Exercise aim »
Look below for the lines from the one with "- intros t _. auto_derive;" to the one with "unfold plus, scal, sin_moment;", and copy exactly those lines, both ends included.

(Collected data entries)
Lemma continuous_disk_profile (w0 w2 : R -> R) (t : R) :
  (forall y, continuous w0 y) -> (forall y, continuous w2 y) ->
  continuous (disk_profile w0 w2) t.
Proof.
  intros H0 H2. unfold disk_profile.
  apply (continuous_plus (fun t => cos t ^ 2 * refl_sum w0 (sin t))
                         (fun t => cos t ^ 4 / 3 * refl_sum w2 (sin t)));
    apply (continuous_mult (fun t => _ : R)); try (apply continuous_refl_sum_sin; assumption);
    apply continuous_of_ex_derive; auto_derive; auto.
Qed.

Section SeparableDiskIntegral.
Variables w0 w2 W0 W2 : R -> R.
Hypothesis W0_primitive : forall y, is_derive W0 y (w0 y).
Hypothesis W2_primitive : forall y, is_derive W2 y (w2 y).
Hypothesis w0_continuous : forall y, continuous w0 y.
Hypothesis w2_continuous : forall y, continuous w2 y.

Let ex_derive_W0 y : ex_derive W0 y. Proof. eexists; apply W0_primitive. Qed.
Let ex_derive_W2 y : ex_derive W2 y. Proof. eexists; apply W2_primitive. Qed.
Let Derive_W0 y : Derive (fun z => W0 z) y = w0 y.
Proof. apply is_derive_unique, W0_primitive. Qed.
Let Derive_W2 y : Derive (fun z => W2 z) y = w2 y.
Proof. apply is_derive_unique, W2_primitive. Qed.

Let chord (x : R) : R := sqrt (1 - x ^ 2).

Let slice (x : R) : R := refl_diff W0 (chord x) + x ^ 2 * refl_diff W2 (chord x).

Let RInt_chord x : RInt (fun y => w0 y + x ^ 2 * w2 y) (- chord x) (chord x) = slice x.
Proof.
  apply is_RInt_unique.
  replace (slice x) with (minus ((fun y => W0 y + x ^ 2 * W2 y) (chord x))
                                ((fun y => W0 y + x ^ 2 * W2 y) (- chord x)))
    by (unfold slice, refl_diff, minus, plus, opp; simpl; ring).
  apply (is_RInt_derive (V := R_CompleteNormedModule) (fun y => W0 y + x ^ 2 * W2 y)).
  - intros y _. auto_derive.
    + repeat split; auto.
    + rewrite Derive_W0, Derive_W2. ring.
  - intros y _. apply (continuous_plus w0 (fun y => x ^ 2 * w2 y)); [apply w0_continuous|].
    apply (continuous_mult (fun _ => x ^ 2) w2); [apply continuous_const | apply w2_continuous].
Qed.

Let continuous_slice x : continuous slice x.
Proof.
  assert (Hchord : continuous chord x).
  { apply (continuous_comp (fun x => 1 - x ^ 2) sqrt).
    - apply continuous_of_ex_derive; auto_derive; auto.
    - apply continuous_sqrt. }
  assert (Hdiff : forall W : R -> R, (forall y, ex_derive W y) ->
            continuous (fun x => refl_diff W (chord x)) x).
  { intros W HW. unfold refl_diff.
    apply (continuous_minus (fun x => W (chord x)) (fun x => W (- chord x))).
    - apply (continuous_comp chord W); [exact Hchord | apply continuous_of_ex_derive, HW].
    - apply (continuous_comp (fun x => - chord x) W);
        [apply (continuous_opp chord), Hchord | apply continuous_of_ex_derive, HW]. }
  apply (continuous_plus (fun x => refl_diff W0 (chord x))
                         (fun x => x ^ 2 * refl_diff W2 (chord x))); [apply Hdiff; assumption|].
  apply (continuous_mult (fun x => x ^ 2)); [apply continuous_of_ex_derive; auto_derive; auto|].
  apply Hdiff; assumption.
Qed.

Let chord_cos t : 0 <= t <= PI -> chord (cos t) = sin t.
Proof.
  intro Ht. unfold chord. replace (1 - cos t ^ 2) with (sin t ^ 2) by (rewrite cos_sq; ring).
  apply sqrt_pow2, sin_ge_0; lra.
Qed.

Let RInt_slice_cos : RInt slice (-1) 1 = RInt (fun t => sin t * slice (cos t)) 0 PI.
Proof.
  pose proof PI_RGT_0 as Hpi.
  assert (Hsub := RInt_comp (V := R_CompleteNormedModule) slice cos (fun t => - sin t) PI 0).
  rewrite cos_PI, cos_0 in Hsub. rewrite <- Hsub.
  2: { intros; apply continuous_slice. }
  2: { intros; split; [auto_derive; auto; ring | apply continuous_of_ex_derive; auto_derive; auto]. }
  assert (Hex : ex_RInt (fun t => scal (- sin t) (slice (cos t))) 0 PI).
  { apply (ex_RInt_continuous (V := R_CompleteNormedModule)). intros t _.
    apply (continuous_mult (fun t => - sin t) (fun t => slice (cos t))).
    - apply continuous_of_ex_derive; auto_derive; auto.
    - apply (continuous_comp cos slice); [apply continuous_of_ex_derive; auto_derive; auto|].
      apply continuous_slice. }
  rewrite <- opp_RInt_swap, <- RInt_opp by exact Hex.
  apply RInt_ext. intros t Ht.
  unfold opp, scal; simpl; unfold mult; simpl. ring.
Qed.

Let RInt_sin_slice_cos :
  RInt (fun t => sin t * slice (cos t)) 0 PI = RInt (disk_profile w0 w2) 0 PI.
Proof.
  set (Phi t := - cos t * refl_diff W0 (sin t) - cos t ^ 3 / 3 * refl_diff W2 (sin t)).
  assert (Hd : is_RInt (fun t => sin t * slice (cos t) - disk_profile w0 w2 t) 0 PI
                       (minus (Phi PI) (Phi 0))).
  { apply (is_RInt_derive (V := R_CompleteNormedModule) Phi).
    - intros t Ht. rewrite Rmin_left, Rmax_right in Ht by (pose proof PI_RGT_0; lra).
      unfold Phi, slice, disk_profile, refl_sum, refl_diff. rewrite chord_cos by lra.
      auto_derive; [repeat split; auto|].
      rewrite !Derive_W0, !Derive_W2. field.
    - intros t _. apply (continuous_minus (fun t => sin t * slice (cos t))).
      + apply (continuous_mult sin (fun t => slice (cos t))).
        * apply continuous_of_ex_derive; auto_derive; auto.
        * apply (continuous_comp cos slice); [apply continuous_of_ex_derive; auto_derive; auto|].
          apply continuous_slice.
      + apply continuous_disk_profile; assumption. }
  replace (minus (Phi PI) (Phi 0)) with 0 in Hd
    by (unfold minus, plus, opp, Phi, refl_diff; simpl; rewrite sin_PI, sin_0, Ropp_0; ring).
  assert (Hex : ex_RInt (disk_profile w0 w2) 0 PI).
  { apply (ex_RInt_continuous (V := R_CompleteNormedModule)). intros.
    apply continuous_disk_profile; assumption. }
  transitivity (RInt (fun t => plus (disk_profile w0 w2 t)
                                    (sin t * slice (cos t) - disk_profile w0 w2 t)) 0 PI).
  - apply RInt_ext. intros. unfold plus; simpl. ring.
  - rewrite (RInt_plus (V := R_CompleteNormedModule)); [| exact Hex | eexists; exact Hd].
    rewrite (is_RInt_unique _ _ _ _ Hd). unfold plus; simpl. ring.
Qed.

Lemma int_disk_separable :
  int_disk (fun x y => w0 y + x ^ 2 * w2 y) = RInt (disk_profile w0 w2) 0 PI.
Proof.
  rewrite <- RInt_sin_slice_cos, <- RInt_slice_cos.
  apply RInt_ext. intros x _. apply RInt_chord.
Qed.

End SeparableDiskIntegral.

Definition sin_moment (k : nat) (t : R) : R := (1 + sin t) ^ k + (1 - sin t) ^ k.

Definition J (k : nat) : R := RInt (sin_moment k) 0 PI.

Lemma ex_RInt_sin_moment k a b : ex_RInt (sin_moment k) a b.
Proof.
  apply (ex_RInt_continuous (V := R_CompleteNormedModule)). intros.
  apply continuous_of_ex_derive. unfold sin_moment. auto_derive; auto.
Qed.

Lemma J_0 : J 0 = 2 * PI.
Proof.
  unfold J. rewrite (RInt_ext _ (fun _ => 2)) by (intros; unfold sin_moment; simpl; ring).
  rewrite RInt_const. unfold scal; simpl; unfold mult; simpl. ring.
Qed.

(* Integration by parts with [((1 + sin t)^k - (1 - sin t)^k) cos t], which vanishes at 0 and PI. *)
Lemma J_succ k : INR (k + 1) * J (S k) = INR (2 * k + 1) * J k.
Proof.
  destruct k as [|m].
  - unfold J. simpl. rewrite Rmult_1_l, Rmult_1_l.
    apply RInt_ext. intros. unfold sin_moment. simpl. ring.
  - set (k := S m).
    assert (Hd : is_RInt (fun t => INR (2 * k + 1) * sin_moment k t - INR (k + 1) * sin_moment (S k) t)
                         0 PI
                         (minus (((1 + sin PI) ^ k - (1 - sin PI) ^ k) * cos PI)
                                (((1 + sin 0) ^ k - (1 - sin 0) ^ k) * cos 0))).
    { apply (is_RInt_derive (V := R_CompleteNormedModule)
               (fun t => ((1 + sin t) ^ k - (1 - sin t) ^ k) * cos t)).
      - intros t _. auto_derive; auto. unfold k, sin_moment. simpl pred.
        change (match m with 0%nat => 1 | S _ => INR m + 1 end) with (INR (S m)).
        replace (1 + - sin t) with (1 - sin t) by ring.
        rewrite !plus_INR, !mult_INR, !S_INR. simpl INR.
        pose proof (sin2_cos2 t) as Hsc. unfold Rsqr in Hsc.
        set (s := sin t) in *. set (c := cos t) in *. simpl pow.
        set (A := (1 + s) ^ m). set (B := (1 - s) ^ m).
        apply Rminus_diag_uniq.
        transitivity ((INR m + 1) * (A + B) * (s * s + c * c - 1)); [ring | rewrite Hsc; ring].
      - intros. apply continuous_of_ex_derive. unfold sin_moment. auto_derive; auto. }
    replace (minus _ _) with 0 in Hd
      by (rewrite sin_PI, sin_0; unfold minus, plus, opp; simpl; rewrite Rplus_0_r, Rminus_0_r, pow1; ring).
    apply (is_RInt_unique (V := R_CompleteNormedModule)) in Hd.
    rewrite (RInt_minus (V := R_CompleteNormedModule)) in Hd.
    2, 3: apply (ex_RInt_scal (V := R_CompleteNormedModule)), ex_RInt_sin_moment.
    rewrite !(RInt_scal (V := R_CompleteNormedModule)) in Hd by apply ex_RInt_sin_moment.
    unfold J. set (a := INR (2 * k + 1)) in *. set (a' := INR (k + 1)) in *.
    unfold minus, plus, opp, scal in Hd; simpl in Hd; unfold mult in Hd; simpl in Hd.
    lra.
Qed.

Lemma J_pos k : 0 < J k.
Proof.
  induction k as [|k IH].
  - rewrite J_0. pose proof PI_RGT_0. lra.
  - pose proof (J_succ k).
    assert (0 < INR (k + 1)) by (apply lt_0_INR; lia).
    assert (0 < INR (2 * k + 1)) by (apply lt_0_INR; lia).
    nra.
Qed.

Lemma RInt_circle_pow_sin k : RInt (fun t => (1 + sin t) ^ k) 0 (2 * PI) = J k.
Proof.
  assert (Hex : forall a b, ex_RInt (fun t => (1 + sin t) ^ k) a b).
  { intros. apply (ex_RInt_continuous (V := R_CompleteNormedModule)). intros.
    apply continuous_of_ex_derive; auto_derive; auto. }
  rewrite <- (RInt_Chasles (V := R_CompleteNormedModule) _ 0 PI (2 * PI)) by apply Hex.
  assert (Hshift := RInt_comp_lin (V := R_CompleteNormedModule) (fun t => (1 + sin t) ^ k) 1 PI 0 PI).
  replace (1 * 0 + PI) with PI in Hshift by ring.
  replace (1 * PI + PI) with (2 * PI) in Hshift by ring.
  rewrite <- Hshift by apply Hex.
  rewrite <- (RInt_plus (V := R_CompleteNormedModule)).
  - unfold J. apply RInt_ext. intros t _.
    unfold plus, scal, sin_moment; simpl; unfold mult; simpl.
    rewrite neg_sin, !Rmult_1_l. replace (1 + - sin t) with (1 - sin t) by ring. reflexivity.
  - apply Hex.
  - apply (ex_RInt_continuous (V := R_CompleteNormedModule)). intros.
    unfold scal; simpl; unfold mult; simpl. apply continuous_of_ex_derive; auto_derive; auto.
Qed.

Written response »
      - intros t _. auto_derive; auto. unfold k, sin_moment. simpl pred.
        change (match m with 0%nat => 1 | S _ => INR m + 1 end) with (INR (S m)).
        replace (1 + - sin t) with (1 - sin t) by ring.
        rewrite !plus_INR, !mult_INR, !S_INR. simpl INR.
        pose proof (sin2_cos2 t) as Hsc. unfold Rsqr in Hsc.
        set (s := sin t) in *. set (c := cos t) in *. simpl pow.
        set (A := (1 + s) ^ m). set (B := (1 - s) ^ m).
        apply Rminus_diag_uniq.
        transitivity ((INR m + 1) * (A + B) * (s * s + c * c - 1)); [ring | rewrite Hsc; ring].
      - intros. apply continuous_of_ex_derive. unfold sin_moment. auto_derive; auto. }
    replace (minus _ _) with 0 in Hd
      by (rewrite sin_PI, sin_0; unfold minus, plus, opp; simpl; rewrite Rplus_0_r, Rminus_0_r, pow1; ring).
    apply (is_RInt_unique (V := R_CompleteNormedModule)) in Hd.
    rewrite (RInt_minus (V := R_CompleteNormedModule)) in Hd.
    2, 3: apply (ex_RInt_scal (V := R_CompleteNormedModule)), ex_RInt_sin_moment.
    rewrite !(RInt_scal (V := R_CompleteNormedModule)) in Hd by apply ex_RInt_sin_moment.
    unfold J. set (a := INR (2 * k + 1)) in *. set (a' := INR (k + 1)) in *.
    unfold minus, plus, opp, scal in Hd; simpl in Hd; unfold mult in Hd; simpl in Hd.
    lra.
Qed.

Lemma J_pos k : 0 < J k.
Proof.
  induction k as [|k IH].
  - rewrite J_0. pose proof PI_RGT_0. lra.
  - pose proof (J_succ k).
    assert (0 < INR (k + 1)) by (apply lt_0_INR; lia).
    assert (0 < INR (2 * k + 1)) by (apply lt_0_INR; lia).
    nra.
Qed.

Lemma RInt_circle_pow_sin k : RInt (fun t => (1 + sin t) ^ k) 0 (2 * PI) = J k.
Proof.
  assert (Hex : forall a b, ex_RInt (fun t => (1 + sin t) ^ k) a b).
  { intros. apply (ex_RInt_continuous (V := R_CompleteNormedModule)). intros.
    apply continuous_of_ex_derive; auto_derive; auto. }
  rewrite <- (RInt_Chasles (V := R_CompleteNormedModule) _ 0 PI (2 * PI)) by apply Hex.
  assert (Hshift := RInt_comp_lin (V := R_CompleteNormedModule) (fun t => (1 + sin t) ^ k) 1 PI 0 PI).
  replace (1 * 0 + PI) with PI in Hshift by ring.
  replace (1 * PI + PI) with (2 * PI) in Hshift by ring.
  rewrite <- Hshift by apply Hex.
  rewrite <- (RInt_plus (V := R_CompleteNormedModule)).
  - unfold J. apply RInt_ext. intros t _.
    unfold plus, scal, sin_moment; simpl; unfold mult; simpl.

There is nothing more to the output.